Trajectory analysis of Turkey vultures

Retrieve data

library(move2)
vulture_data <-
  movebank_download_study("Turkey vultures in North and South America")
vulture_data

In this case some tracks have very long time gaps, to prevent distant points to be connected by a line we split those tracks by creating a new id.

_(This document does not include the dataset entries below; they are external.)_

Lemma augmenting_setD1 G M (g : {set V}) p :
  augmenting G (M :\ g) p -> (forall v, v \in g -> v \notin p) -> augmenting G M p.
Proof.
case: p => [|x q]; first by case=> [[]].
move/(augmentingE _ _ _ x) => [pp hh hl altp] gp.
have pg v : v \in x :: q -> v \notin g by apply: contraL; apply: gp.
apply/(augmentingE _ _ _ x); split => //.
- by rewrite /= -(covered_setD1 M (pg x (mem_head x q))).
- by rewrite /= -(covered_setD1 M (pg (last x q) (mem_last x q))).
move=> i lt_i; rewrite size_pedges in lt_i; rewrite -altp ?size_pedges // !inE andbC.
case: (_ \in M) => //=; apply/esym.
have pi : nth x (x :: q) i \in x :: q by rewrite mem_nth //; move: lt_i; rewrite /plen /=; lia.
by apply: contraNneq (pg _ pi) => <-; rewrite (nth_pedges x) // set21.
Qed.

Lemma augmenting_pair G M (x y : V) : x != y -> [set x; y] \in G ->
  ~~ covered M x -> ~~ covered M y -> augmenting G M [:: x; y].
Proof.
move=> xy fG xM yM; apply/(augmentingE _ _ _ x); split => //.
  by split; rewrite //= ?inE ?xy ?fG.
by case=> [|i] //= _; rewrite (negbTE (uncovered_edge xM (set21 x y))).
Qed.

Lemma augmenting_prepend G M (x y w : V) q :
  augmenting G (M :\ [set y; w]) (w :: q) -> [set y; w] \in M ->
  [set x; y] \in G -> [set y; w] \in G -> ~~ covered M x -> x != y ->
  x \notin w :: q -> y \notin w :: q -> augmenting G M [:: x, y, w & q].
Proof.
move/(augmentingE _ _ _ w) => [[p2 up sub] _ hl altp] gM fG gG xM xy xp yp.
have ng h : h \in pedges (w :: q) -> h != [set y; w].
  by move=> hp; apply: contraNneq yp => hg; apply: (mem_pedges_vertex hp); rewrite hg set21.
apply/(augmentingE _ _ _ x); split => //.
- split => //; first by rewrite /= in_cons negb_or xy xp yp.
  by rewrite !pedges_cons2 /= fG gG.
- move: hl; rewrite /= covered_setD1 // !inE negb_or; apply/andP; split.
    by apply: contraNneq yp => <-; rewrite /= mem_last.
  move: p2 up => /=; case: q {xp yp sub altp ng} => [|z q] //= _ /andP [wq _].
  by apply: contraNneq wq => <-; rewrite mem_last.
case=> [|[|i]] //=; first by rewrite (negbTE (uncovered_edge xM (set21 x y))).
rewrite -/(pedges (w :: q)) !ltnS => lt_i.
by rewrite -altp // !inE ng ?mem_nth //= negbK.
Qed.

Lemma augmenting_orient G M p w : augmenting G M p -> w \in p -> ~~ covered M w ->
  exists q, augmenting G M (w :: q) /\ pedge_set (w :: q) = pedge_set p.
Proof.
move=> augp wp wM.
have oriented p' : augmenting G M p' -> head w p' = w ->
    exists q, augmenting G M (w :: q) /\ pedge_set (w :: q) = pedge_set p'.
  case: p' => [|z q] augp' /= zw; first by case: augp' => [[]].
  by exists q; rewrite -zw.
have [_ _ _ altp] := (augmentingE _ _ _ w).1 augp.
have : (w == head w p) || (w == last w p).
  apply: contraR wM; rewrite negb_or => /andP [nh nl].
  by have [h _ /andP [hM wh]] := alternating_inner altp wp nh nl; apply/coveredP; exists h.
case/orP => /eqP wE; first exact: oriented.
have [|q [augq eq_q]] := oriented _ (augmenting_rev augp); first by rewrite head_rev.
by exists q; rewrite eq_q pedge_set_rev.
Qed.

Lemma augmenting_avoid G M p v :
  augmenting G M p -> (forall h, h \in G -> v \notin h) -> v \notin p.
Proof.
move=> augp vG; have [p2 _ sub] := augmenting_path augp.
by apply/negP => /(vertex_mem_pedges p2) [h /sub hG]; apply/negP; apply: vG.
Qed.

Lemma exists_covered_uncovered M N :
  {in M, forall f : {set V}, #|f| == 2} -> {in N, forall f : {set V}, #|f| == 2} ->
  matching N ->
  #|M| < #|N| -> exists x, covered N x && ~~ covered M x.
Proof.
move=> twoM twoN matN ltMN.
have sum2 (A : {set {set V}}) :
    {in A, forall f : {set V}, #|f| == 2} -> \sum_(f in A) #|f| = #|A| * 2.
  by move=> twoA; rewrite -sum_nat_const; apply: eq_bigr => f /twoA /eqP.
have cM : #|cover M| <= #|M| * 2 by rewrite -sum2 //; apply: (leq_card_cover M).1.
have cN : #|cover N| = #|N| * 2 by rewrite -sum2 //; apply/esym/eqP/matching_trivIset.
have /subsetPn [x xN xM] : ~~ (cover N \subset cover M).
  by apply/negP => /subset_leq_card; rewrite cN; lia.
by exists x; rewrite !covered_cover xN xM.
Qed.

Lemma symd_setD1_degrees M N (x y w : V) :
  matching M -> matching N -> [set x; y] \in N -> [set y; w] \in M -> ~~ covered M x ->
  let D := symd (M :\ [set y; w]) (N :\ [set x; y]) in
  [/\ forall h, h \in D -> x \notin h, forall h, h \in D -> y \notin h &
      forall h h', h \in D -> h' \in D -> w \in h -> w \in h' -> h = h'].
Proof.
set f := [set x; y]; set g := [set y; w] => matM matN fN gM xM D.
have inD h : h \in D -> (h \in M) && (h != g) || (h \in N) && (h != f).
  by rewrite /D in_symd !inE; case: (h \in M); case: (h \in N); case: (h != g); case: (h != f).
split=> [h | h | h h' hD h'D wh wh'].
- case/inD/orP => /andP [hA hB]; apply/negP => xh.
    by rewrite (negbTE (uncovered_edge xM xh)) in hA.
  by rewrite (matN h f x) ?set21 ?eqxx in hB.
- case/inD/orP => /andP [hA hB]; apply/negP => yh.
    by rewrite (matM h g y) ?set21 ?eqxx in hB.
  by rewrite (matN h f y) ?set22 ?eqxx in hB.
have inN h1 : h1 \in D -> w \in h1 -> h1 \in N.
  case/inD/orP => /andP [h1M h1g] // wh1.
  by rewrite (matM h1 g w) ?set22 ?eqxx in h1g.
exact: (matN h h' w (inN h hD wh) (inN h' h'D wh')).
Qed.

End Matchings.

Section Packings.
Variable V : finType.
Implicit Types (p q : seq V) (ps : seq (seq V)) (M N D X : {set {set V}}).

(* Taking X = [set f] shows that no edge f is used twice. *)
Definition augmenting_packing D M ps :=
  {in ps, forall p, augmenting D M p} /\
  forall X, \sum_(p <- ps) #|pedge_set p :&: X| <= #|D :&: X|.

Lemma augmenting_packing_sub D D' M ps :
  D \subset D' -> augmenting_packing D M ps -> augmenting_packing D' M ps.
Proof.
move=> sDD' [augps disj]; split=> [p /augps augp | X].
  exact: augmenting_subset augp sDD'.
by apply: leq_trans (disj X) _; apply/subset_leq_card/setSI.
Qed.

Lemma augmenting_packing_cons D M p ps : augmenting D M p ->
  augmenting_packing (D :\: pedge_set p) M ps -> augmenting_packing D M (p :: ps).
Proof.
move=> augp pk; have [augps _] := augmenting_packing_sub (subsetDl D _) pk.
split=> [q | X]; first by rewrite inE => /predU1P [-> | /augps].
have [_ disj] := pk.
by rewrite big_cons (cardsI_subD _ (pedge_set_sub augp)) leq_add2l.
Qed.

Lemma augmenting_packing_rem D M p ps : p \in ps ->
  augmenting_packing D M ps -> augmenting_packing (D :\: pedge_set p) M (rem p ps).
Proof.
move=> pps [augps disj]; have augp := augps p pps.
have sumE X : \sum_(q <- ps) #|pedge_set q :&: X| =
    #|pedge_set p :&: X| + \sum_(q <- rem p ps) #|pedge_set q :&: X|.
  by rewrite (big_rem p pps).
split=> [q qrem | X]; last first.
  by have := disj X; rewrite sumE (cardsI_subD _ (pedge_set_sub augp)) leq_add2l.
have augq := augps q (mem_rem qrem).
apply: (augmenting_restrict augq) => h hq.
rewrite inE (subsetP (pedge_set_sub augq)) ?inE // andbT; apply/negP => hp.
have := disj [set h]; rewrite sumE (big_rem q qrem) /=.
rewrite !(setIidPr _) ?sub1set ?inE ?(subsetP (pedge_set_sub augp)) ?inE // cards1.
lia.
Qed.

Lemma augmenting_packing_setD1 D M (g : {set V}) ps :
  augmenting_packing D (M :\ g) ps -> (forall q v, q \in ps -> v \in g -> v \notin q) ->
  augmenting_packing D M ps.
Proof.
move=> [augps disj] gps; split=> // q qps.
by apply: (augmenting_setD1 (augps q qps)) => v; apply: gps.
Qed.

Lemma augmenting_packing_pair M N ps (x y : V) :
  [set x; y] \in N -> x != y -> ~~ covered M x -> ~~ covered M y ->
  augmenting_packing (symd M (N :\ [set x; y])) M ps ->
  augmenting_packing (symd M N) M ([:: x; y] :: ps).
Proof.
move=> fN xy xM yM pk; have fM := uncovered_edge xM (set21 x y).
apply: augmenting_packing_cons.
  by apply: augmenting_pair; rewrite // in_symd fN (negbTE fM).
have -> // : symd M N :\: pedge_set [:: x; y] = symd M (N :\ [set x; y]).
apply/setP => h; rewrite !inE.
by case: eqVneq => [->|] /=; rewrite ?(negbTE fM) ?andbF //; case: (h \in M); case: (h \in N).
Qed.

library(dplyr, quietly = TRUE)
library(ggplot2, quietly = TRUE)
library(rnaturalearth, quietly = TRUE)
library(units, quietly = TRUE)
vulture_lines <- vulture_data %>%
  mutate_track_data(name = individual_local_identifier) %>%
  mutate(
    large_gaps = !(mt_time_lags(.) < set_units(1500, "h") |
      is.na(mt_time_lags(.))),
    track_sub_id = cumsum(lag(large_gaps, default = FALSE)),
    new_track_id = paste(mt_track_id(.), track_sub_id)
  ) %>%
  mt_set_track_id("new_track_id") %>%
  mt_track_lines()
ggplot() +
  geom_sf(data = ne_coastline(returnclass = "sf", 50)) +
  theme_linedraw() +
  geom_sf(
    data = vulture_lines,
    aes(color = name)
  ) +
  coord_sf(
    crs = sf::st_crs("+proj=aeqd +lon_0=-83 +lat_0=8 +units=km"),
    xlim = c(-3500, 3800), ylim = c(-4980, 4900)
  )

Categorize seasons

library(magrittr, quietly = TRUE)
library(lubridate, quietly = TRUE)
vulture_data <- vulture_data %>% mutate(
  month = month(mt_time(), label = TRUE, abbr = FALSE),
  season = recode_factor(month,
    January = "Wintering", February = "Wintering",
    March = "Wintering", April = "North migration",
    May = "North migration", June = "Breeding",
    July = "Breeding", August = "Breeding",
    September = "South migration", October = "South migration",
    November = "Wintering", December = "Wintering"
  ),
  # Here we change season to NA if the next location is either from
  # a different track or season
  season = if_else(season == lead(season, 1) &
    mt_track_id() == lead(mt_track_id(), 1),
  season, NA
  )
)

Annotate speed and azimuth to the trajectory.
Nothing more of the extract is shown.